Within the records below is a range that opens at the line with "match k with O => Cxopp" and closes at the line with "4 |cos(t/2) e^(is)". Return that range word for word, both ends included, and only that range.
┏━━
(* Let $K$ be a field of characteristic $p>0$, let $a\in K^{{\mathbb N}}$ be a simple nondegenerate $K$-recurrence sequence, let $q$ be a power of $p$, and let $r,s\in{\mathbb Q}$. If $\{r+sq^n\mid n\ge m\}\subseteq{\mathcal Z}(a)$ for some $m\in{\mathbb N}$, then $\{r+sq^n\mid n\in{\mathbb N}\}\cap{\mathbb N}\subseteq{\mathcal Z}(a)$.
   Context: ${\mathbb N}=\{0,1,2,\dots\}$, ${\mathcal Z}(a)=\{n\in{\mathbb N}\mid a(n)=0\}$. The minimum polynomial $P_a$ is the monic generator of $\{P\in K[E]\mid P(E)a=0\}$, $(Ea)(n)=a(n+1)$. $a$ is simple if $P_a$ has distinct roots and nondegenerate if its roots are nonzero and no quotient of two distinct roots is a root of unity. *)

From HB Require Import structures.
From mathcomp Require Import all_boot all_order all_algebra.
Set Implicit Arguments. Unset Strict Implicit. Unset Printing Implicit Defensive.
Import Order.TTheory GRing.Theory Num.Theory.
Local Open Scope ring_scope.

(* (P(E) a)(n) = \sum_i P_i a(n+i), where (E a)(n) = a(n+1). *)
Definition shift_apply (K : fieldType) (P : {poly K}) (a : nat -> K) (n : nat) : K :=
  \sum_(i < size P) P`_i * a (n + i)%N.

Definition annihilates (K : fieldType) (P : {poly K}) (a : nat -> K) : Prop :=
  forall n, shift_apply P a n = 0.

Definition is_min_poly (K : fieldType) (a : nat -> K) (P : {poly K}) : Prop :=
  [/\ P \is monic, annihilates P a & forall Q, annihilates Q a -> P %| Q].

Definition recurrence_seq (K : fieldType) (a : nat -> K) : Prop :=
  exists P : {poly K}, P != 0 /\ annihilates P a.

(* Roots of P are taken in arbitrary field extensions (equivalently, in an
   algebraic closure of K). *)
Definition distinct_roots (K : fieldType) (P : {poly K}) : Prop :=
  forall (L : fieldType) (f : {rmorphism K -> L}) (x : L),
    ~~ (('X - x%:P) ^+ 2 %| map_poly f P).

Definition nondegenerate_roots (K : fieldType) (P : {poly K}) : Prop :=
  forall (L : fieldType) (f : {rmorphism K -> L}) (x y : L),
    root (map_poly f P) x -> root (map_poly f P) y ->
    x != 0 /\ (x != y -> forall n : nat, (0 < n)%N -> (x / y) ^+ n != 1).

Definition simple_seq (K : fieldType) (a : nat -> K) : Prop :=
  exists P, is_min_poly a P /\ distinct_roots P.

Definition nondegenerate_seq (K : fieldType) (a : nat -> K) : Prop :=
  exists P, is_min_poly a P /\ nondegenerate_roots P.

From HB Require Import structures.
From mathcomp Require Import all_boot all_order all_algebra.
From mathcomp Require Import separable qfpoly.
From mathcomp Require Import ring.
From Stdlib Require Import Classical.
Set Implicit Arguments. Unset Strict Implicit. Unset Printing Implicit Defensive.
Import Order.TTheory GRing.Theory Num.Theory.
Local Open Scope ring_scope.

(* Let P be the minimum polynomial of a, of degree d: it is separable and
   coprime to X.  Writing w_u for the coordinates of X^u mod P, one has
   a u = w_u . (a 0, ..., a (d-1)).  The exponents e_j = r + s q^(n+j) are
   natural numbers satisfying e_(j+1) + q e_0 = q e_j + e_1, and since
   (X^u mod P)^q is obtained by applying the Frobenius x |-> x^q to the
   coefficients and substituting X^q, this becomes w_(e_(j+1)) D = F(w_(e_j)) C
   with D, C invertible: C is injective because a separable polynomial dividing
   u^q divides u.  Consequently the windows (w_(e_j), ..., w_(e_(j+N-1))) all
   have the same rank; taking N where the rank stops growing, their row spaces
   are equal for all j, so w_(e_0) lies in the span of a tail on which the
   pairing with the initial values vanishes. *)

Section PcharPow.
Variables (R : comNzRingType) (q : nat).
Hypothesis hq : [pchar R].-nat q.

(* The proof argument is unused; it lets the ring morphism instances below
   depend on [hq]. *)
Definition pchar_pow (_ : [pchar R].-nat q) (x : R) := x ^+ q.

Lemma pchar_pow_gt0 : (0 < q)%N.
Proof. by case/andP: hq. Qed.

Lemma pchar_pow_nmod : nmod_morphism (pchar_pow hq).
Proof.
split=> [|x y]; rewrite /pchar_pow; last exact: exprDn_pchar.
by rewrite expr0n gtn_eqF ?pchar_pow_gt0.
Qed.
(* Let $z_1,\dots,z_N\in\mathbb{C}$ (not necessarily distinct) and let $x_i\in\mathbb{S}^2$ with $\pi_{\mathbb{S}^2}(x_i)=z_i$, $1\le i\le N$. Then $$\frac{\prod_{i=1}^N\|x-z_i\|}{\big\|\prod_{i=1}^N(x-z_i)\big\|}=\frac{2^N}{\sqrt{N+1}}\Big(\int_{\mathbb{S}^2}\prod_{i=1}^N|p-x_i|^2\,d\sigma(p)\Big)^{-1/2},$$ where $\|\cdot\|$ is the Bombieri–Weyl norm and $\sigma$ is the normalized surface measure on $\mathbb{S}^2$.
   Context: $\mathbb{S}^2$ is the unit sphere in $\mathbb{R}^3$, $\sigma$ its surface measure with $\sigma(\mathbb{S}^2)=1$, and $\pi_{\mathbb{S}^2}(a,b,c)=\frac{a+ib}{1-c}$ the stereographic projection from the North pole. The Bombieri–Weyl norm of $P(z)=\sum_{i=0}^N a_iz^i$ of degree $N$ is $\|P\|=(\sum_{i=0}^N\binom{N}{i}^{-1}|a_i|^2)^{1/2}$. *)

From Stdlib Require Import Reals Lra ClassicalEpsilon.
Open Scope R_scope.

Definition Cx : Type := (R * R)%type.
Definition Cx0 : Cx := (0, 0).
Definition Cx1 : Cx := (1, 0).
Definition Cxadd (u v : Cx) : Cx := (fst u + fst v, snd u + snd v).
Definition Cxopp (u : Cx) : Cx := (- fst u, - snd u).
Definition Cxsub (u v : Cx) : Cx := Cxadd u (Cxopp v).
Definition Cxmul (u v : Cx) : Cx :=
  (fst u * fst v - snd u * snd v, fst u * snd v + snd u * fst v).
Definition Cxnorm2 (u : Cx) : R := fst u ^ 2 + snd u ^ 2.

(* Coefficients (a_0, a_1, ...) of the polynomial prod_{i<n} (X - z i). *)
Fixpoint prod_lin_coef (z : nat -> Cx) (n : nat) (k : nat) : Cx :=
  match n with
  | O => match k with O => Cx1 | S _ => Cx0 end
  | S m => Cxsub (match k with O => Cx0 | S k' => prod_lin_coef z m k' end)
                 (Cxmul (z m) (prod_lin_coef z m k))
  end.

Definition lin_coef (w : Cx) (k : nat) : Cx :=
  match k with O => Cxopp w | 1%nat => Cx1 | _ => Cx0 end.

Definition bw_norm (N : nat) (a : nat -> Cx) : R :=
  sqrt (sum_f_R0 (fun i => / C N i * Cxnorm2 (a i)) N).

Definition R3 : Type := (R * R * R)%type.
Definition px (p : R3) : R := fst (fst p).
Definition py (p : R3) : R := snd (fst p).
Definition pz (p : R3) : R := snd p.
Definition on_sphere (p : R3) : Prop := px p ^ 2 + py p ^ 2 + pz p ^ 2 = 1.
Definition dist3 (p q : R3) : R :=
  sqrt ((px p - px q) ^ 2 + (py p - py q) ^ 2 + (pz p - pz q) ^ 2).

(* Stereographic projection from the North pole:
   (a,b,c) |-> (a + i b)/(1 - c), defined for c <> 1. *)
Definition stereo (p : R3) : Cx := (px p / (1 - pz p), py p / (1 - pz p)).

(* Riemann integral of f over [a,b] (0 if f is not Riemann integrable;
   the value does not depend on the integrability proof). *)
Definition RInt (f : R -> R) (a b : R) : R :=
  match excluded_middle_informative
          (exists v, exists pr : Riemann_integrable f a b, RiemannInt pr = v) with
  | left H => proj1_sig (constructive_indefinite_description _ H)
  | right _ => 0
  end.

(* Integral against the normalized surface measure sigma on S^2
   (sigma(S^2) = 1), written in spherical coordinates:
   int f dsigma = 1/(4 pi) int_0^{2pi} int_0^pi f(sin t cos s, sin t sin s, cos t) sin t dt ds. *)
Definition sphere_integral (f : R3 -> R) : R :=
  / (4 * PI) *
  RInt (fun s => RInt (fun t => f (sin t * cos s, sin t * sin s, cos t) * sin t) 0 PI)
       0 (2 * PI).

Fixpoint prodR (n : nat) (f : nat -> R) : R :=
  match n with O => 1 | S m => prodR m f * f m end.

From Pilot Require Import Defs.
From Stdlib Require Import Reals Lra Lia FunctionalExtensionality ClassicalEpsilon Factorial.
From Coquelicot Require Import Coquelicot.
Open Scope R_scope.

(* Put p on the sphere in half-angle coordinates p = (sin t cos s, sin t sin s, cos t). If x is
   on the sphere with stereographic image w, then
     |p - x|^2 (1 + |w|^2) = 4 |cos(t/2) e^(is) - sin(t/2) w|^2,
   so prod_i |p - x_i|^2 is 4^N / prod_i (1 + |z_i|^2) times the squared modulus of the
   homogenised polynomial sum_k a_k cos(t/2)^k sin(t/2)^(N-k) e^(iks). Integrating in s kills
   the cross terms k <> l, and what remains in t are Beta integrals:
     int_0^pi cos(t/2)^(2k) sin(t/2)^(2(N-k)) sin t dt = 2 / ((N+1) C(N,k)).
   Hence the sphere integral is 4^N ||P||^2 / ((N+1) prod_i (1 + |z_i|^2)), whereas
   prod_i ||X - z_i|| = prod_i sqrt (1 + |z_i|^2). *)

Section ComplexSums.
Local Open Scope C_scope.

Fixpoint Csum (f : nat -> C) (n : nat) : C :=
  match n with O => f O | S m => Csum f m + f (S m) end.

Fixpoint Cprod (n : nat) (f : nat -> C) : C :=
  match n with O => 1 | S m => Cprod m f * f m end.

Lemma Csum_ext (f g : nat -> C) n :
  (forall k, (k <= n)%nat -> f k = g k) -> Csum f n = Csum g n.
Proof.
  induction n as [|n IH]; intros H; simpl; [apply H; lia|].
  rewrite IH, H; auto; intros; apply H; lia.
Qed.

Lemma Csum_plus (f g : nat -> C) n : Csum (fun k => f k + g k) n = Csum f n + Csum g n.
Proof. induction n as [|n IH]; simpl; [reflexivity|rewrite IH; ring]. Qed.

Lemma Csum_mult_r (f : nat -> C) w n : Csum f n * w = Csum (fun k => f k * w) n.
Proof. induction n as [|n IH]; simpl; [reflexivity|rewrite <- IH; ring]. Qed.

Lemma Csum_shift (f : nat -> C) n : Csum f (S n) = f O + Csum (fun k => f (S k)) n.
Proof.
  induction n as [|n IH]; [reflexivity|].
  change (Csum f (S (S n))) with (Csum f (S n) + f (S (S n))). rewrite IH. simpl. ring.
Qed.
Lemma card_ival C p q : (#|ival C p q| <= q - p)%nat.
Proof.
rewrite cardE -(size_map val) -(size_iota p (q - p)).
apply: uniq_leq_size => [|_ /mapP [i + ->]].
  by rewrite map_inj_uniq ?enum_uniq //; apply: val_inj.
by rewrite mem_enum /ival inE mem_iota /=; lia.
Qed.

Lemma disjoint_ival C p q p' q' : (q <= p')%nat -> [disjoint ival C p q & ival C p' q'].
Proof. by move=> le_q_p'; rewrite -setI_eq0; apply/eqP/setP => i; rewrite !inE; lia. Qed.

Lemma admissible_ival zrw zro zwo C n b (a : adversary C n b) p q s :
  Zrw a = ival C p q -> Zro a = set0 -> Zwo a = ival C q s ->
  (q - p <= zrw)%nat -> (s - q <= zwo)%nat -> is_dist (pC a) -> causal a ->
  admissible zrw zro zwo a.
Proof.
move=> rwE roE woE rw_le wo_le pC_dist a_causal; rewrite /admissible rwE roE woE.
split; first by rewrite -setI_eq0 setI0.
split; first exact: disjoint_ival.
split; first by rewrite -setI_eq0 set0I.
split; first exact: leq_trans (card_ival _ _ _) rw_le.
split; first by rewrite cards0.
by split; first exact: leq_trans (card_ival _ _ _) wo_le.
Qed.

Lemma pow2_ratio_le_half e k : (e < k)%nat -> INR (expn 2 e) / INR (expn 2 k) <= / 2.
Proof.
move=> lt_ek; have k_pos := pow2_pos k.
have : 2 * INR (expn 2 e) <= INR (expn 2 k).
  by rewrite -[2]/(INR 2) -mult_INR multE -expnS; apply: le_INR; apply/leP; rewrite leq_pexp2l.
move=> le2; apply: (Rmult_le_reg_r (INR (expn 2 k))) => //.
by rewrite /Rdiv Rmult_assoc Rinv_l; lra.
Qed.

Lemma achievable_bits_gt C zrw zro zwo (Rt eps : R) (D : nat) :
  achievable_ow C zrw zro zwo Rt -> INR D < Rt -> 0 < eps ->
  exists n b k (c : code C n b k), (n * b * D < k)%nat /\ is_dist (pA c) /\
    forall a : adversary C n b, admissible zrw zro zwo a -> perr_ow c a < eps.
Proof.
move=> ach lt_D_Rt eps_gt0.
have [N achN] := ach eps eps_gt0.
have [n0 n0_gt] := INR_unbounded (/ (Rt - INR D)).
have [b [k [c [b_gt0 [[_ k_gt] [pA_dist perr_lt]]]]]] := achN _ (leq_maxl N n0).
exists (maxn N n0), b, k, c; split=> //.
set n := maxn N n0 in k_gt *.
have n_gap : 1 < INR n * (Rt - INR D).
  have le_n0_n : INR n0 <= INR n by apply: le_INR; apply/leP; apply: leq_maxr.
  have gap_pos : 0 < Rt - INR D by lra.
  have : / (Rt - INR D) * (Rt - INR D) = 1 by field; lra.
  nra.
have b_ge1 : 1 <= INR b by apply: (le_INR 1); apply/leP.
apply/ltP; apply: INR_lt; rewrite -!multE !mult_INR.
have := pos_INR n; have := pos_INR D; nra.
Qed.

Section Erasure.
Variables (C n b z zrw : nat).
Hypothesis zrw_le_z : (zrw <= z)%nat.
(* Adding the residue modulo 2^j, one bit per additional T1- or T0-step:
   an odd target needs y ≡ (3γ + 1)/2 one level up, an even one v ≡ γ/2. *)
Lemma full_vector j : forall (m γ2 : nat) (γ3 γb : int), exists s, [/\ (0 < size s)%N,
  (len s <= r.+1 + b.-1 + j)%N & exists v : nat, [/\ (0 < v)%N, vs s x%:R = v%:R,
    cong (2 ^+ j) v%:Z γ2%:Z, cong (3 ^+ m) v%:Z γ3 & cong b v%:Z γb]].
Proof.
have [h hb2] := half_b.
elim: j => [|j IH] m γ2 γ3 γb.
  have [s [hs hlen [v [v_gt0 hvs hv3 hvb]]]] := core_vector m γ3 γb.
  exists s; split => //; first by rewrite addn0.
  by exists v; split => //; exists (v%:Z - γ2%:Z); rewrite expr0; ring.
pose g := γ2./2.
case/boolP: (odd γ2) => hodd.
- have eγ : γ2%:Z = 2 * g%:Z + 1.
    by rewrite -PoszM -PoszD /g -{1}(odd_double_half γ2) hodd; congr Posz; lia.
  have [i hi] := half_pow3 m.+1.
  have [s [hs hlen [y [y_gt0 hys hy2 hy3 hyb]]]] :=
    IH m.+1 (3 * g + 2)%N ((3 * γ3 + 1) * i) ((3 * γb + 1) * h).
  have hy3' := double_residue hi hy3.
  have [u [u_gt0 huy]] : exists u : nat, (0 < u)%N /\ (3 * u + 1 = 2 * y)%N.
    apply: T1_preimage => //; apply: (cong_trans (cong_expn_le (isT : (1 <= m.+1)%N) hy3')).
    by exists γ3; rewrite expr1; ring.
  have huy' : 3 * u%:Z + 1 = 2 * y%:Z by rewrite -!PoszM -PoszD huy.
  exists (0%N :: s); split => //; first by rewrite /len /= addnS -(prednK hs) ltnS.
  exists u; split => //; first exact: vs_T1 hys huy.
  + rewrite eγ; apply: cong_cancel3; first exact: coprimezXl.
    apply: T1_residue huy' _; rewrite exprS.
    by have := congZ 2 hy2; rewrite PoszD PoszM; congr cong; ring.
  + apply: (cong_mulK (c := 3)) => //; rewrite -exprS.
    exact: T1_residue huy' hy3'.
  + exact: cong_cancel3 b_cop3 (T1_residue huy' (double_residue hb2 hyb)).
- have eγ : γ2%:Z = 2 * g%:Z.
    by rewrite -PoszM /g -{1}(odd_double_half γ2) (negbTE hodd); congr Posz; lia.
  have [i hi] := half_pow3 m.
  have [[|s0 t] [//= _ hlen [v [v_gt0 hvs hv2 hv3 hvb]]]] := IH m g (γ3 * i) (γb * h).
  exists (s0.+1 :: t); split => //; first by rewrite addnS; apply: leqW.
  exists (2 * v)%N; split; rewrite ?PoszM.
  + by rewrite muln_gt0.
  + exact: vs_T0 hvs.
  + by rewrite eγ exprS; apply: congZ.
  + exact: double_residue hi hv3.
  + exact: double_residue hb2 hvb.
Qed.

End Construction.

Lemma order32_gt1 b f : (1 < b)%N -> is_order32 b f -> (1 < f)%N.
Proof.
move=> b_gt1 [f_gt0 [hf _]]; case: f f_gt0 hf => [|[|f]] // _.
by rewrite !expn1 => /eqP; rewrite eqn_mod_dvd // dvdn1 => /eqP b1; rewrite b1 in b_gt1.
Qed.

Lemma length_bound b r f n : (r.+2 <= 2 * b)%N -> is_order32 b f ->
  (r.+1 + b.-1 + n <= 2 * (b - 1) * f + n + 1)%N.
Proof.
move=> hr hf; case: (leqP b 1) => hb; first by lia.
have : (2 * (b - 1) * 2 <= 2 * (b - 1) * f)%N by rewrite leq_mul2l (order32_gt1 hb hf) orbT.
lia.
Qed.

Lemma crt_three (n m b v a : nat) : coprime b 6 -> cong (2 ^+ n) v%:Z a%:Z ->
  cong (3 ^+ m) v%:Z a%:Z -> cong b v%:Z a%:Z -> (v = a %[mod 2 ^ n * 3 ^ m * b])%N.
Proof.
move=> hb h2 h3 hb'; have [hb2 hb3] := coprime6P hb.
have cop23 : coprime (2 ^ n) (3 ^ m) by rewrite coprimeXl // coprimeXr.
have cop6b : coprime (2 ^ n * 3 ^ m) b.
  by rewrite coprimeMl; apply/andP; split; apply: coprimeXl; rewrite coprime_sym.
apply/eqP; rewrite !chinese_remainder //.
by apply/andP; split; [apply/andP; split|]; apply/eqP/cong_nat; rewrite ?PoszX.
Qed.

Theorem mainTheorem4 (d n m b a f : nat)
  (hd : (1 < d)%N) (hdec : d = (2 ^ n * 3 ^ m * b)%N) (hb : coprime b 6)
  (ha : (a < d)%N) (hf : is_order32 b f) :
  forall x : nat, (0 < x)%N -> ~~ (3 %| x)%N ->
  exists s : seq nat, admissible x s /\
    (exists v : nat, vs s (x%:R)%R = (v%:R)%R /\ v = a %[mod d]) /\
    (len s <= 2 * (b - 1) * f + n + 1)%N.
Proof.
move=> x x_gt0 x3.
have b_gt0 : (0 < b)%N by case: b hb {hdec hf} => //; rewrite /coprime gcd0n.
have [O [r [w [O_gt0 hO hg hw hr]]]] := two_pow_decomposition (proj1 (coprime6P hb)) b_gt0.
have [s [s_gt0 hlen [v [v_gt0 hvs hv2 hv3 hvb]]]] :=
  full_vector hb b_gt0 hO O_gt0 hg hw x_gt0 x3 n m a a a.
exists s; split; first by split=> //; exists v.
split; first by exists v; split=> //; rewrite hdec; apply: crt_three.
exact: leq_trans hlen (length_bound n hr hf).
Qed.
┗━━
### Result for this task
  match k with O => Cxopp w | 1%nat => Cx1 | _ => Cx0 end.

Definition bw_norm (N : nat) (a : nat -> Cx) : R :=
  sqrt (sum_f_R0 (fun i => / C N i * Cxnorm2 (a i)) N).

Definition R3 : Type := (R * R * R)%type.
Definition px (p : R3) : R := fst (fst p).
Definition py (p : R3) : R := snd (fst p).
Definition pz (p : R3) : R := snd p.
Definition on_sphere (p : R3) : Prop := px p ^ 2 + py p ^ 2 + pz p ^ 2 = 1.
Definition dist3 (p q : R3) : R :=
  sqrt ((px p - px q) ^ 2 + (py p - py q) ^ 2 + (pz p - pz q) ^ 2).

(* Stereographic projection from the North pole:
   (a,b,c) |-> (a + i b)/(1 - c), defined for c <> 1. *)
Definition stereo (p : R3) : Cx := (px p / (1 - pz p), py p / (1 - pz p)).

(* Riemann integral of f over [a,b] (0 if f is not Riemann integrable;
   the value does not depend on the integrability proof). *)
Definition RInt (f : R -> R) (a b : R) : R :=
  match excluded_middle_informative
          (exists v, exists pr : Riemann_integrable f a b, RiemannInt pr = v) with
  | left H => proj1_sig (constructive_indefinite_description _ H)
  | right _ => 0
  end.

(* Integral against the normalized surface measure sigma on S^2
   (sigma(S^2) = 1), written in spherical coordinates:
   int f dsigma = 1/(4 pi) int_0^{2pi} int_0^pi f(sin t cos s, sin t sin s, cos t) sin t dt ds. *)
Definition sphere_integral (f : R3 -> R) : R :=
  / (4 * PI) *
  RInt (fun s => RInt (fun t => f (sin t * cos s, sin t * sin s, cos t) * sin t) 0 PI)
       0 (2 * PI).

Fixpoint prodR (n : nat) (f : nat -> R) : R :=
  match n with O => 1 | S m => prodR m f * f m end.

From Pilot Require Import Defs.
From Stdlib Require Import Reals Lra Lia FunctionalExtensionality ClassicalEpsilon Factorial.
From Coquelicot Require Import Coquelicot.
Open Scope R_scope.

(* Put p on the sphere in half-angle coordinates p = (sin t cos s, sin t sin s, cos t). If x is
   on the sphere with stereographic image w, then
     |p - x|^2 (1 + |w|^2) = 4 |cos(t/2) e^(is) - sin(t/2) w|^2,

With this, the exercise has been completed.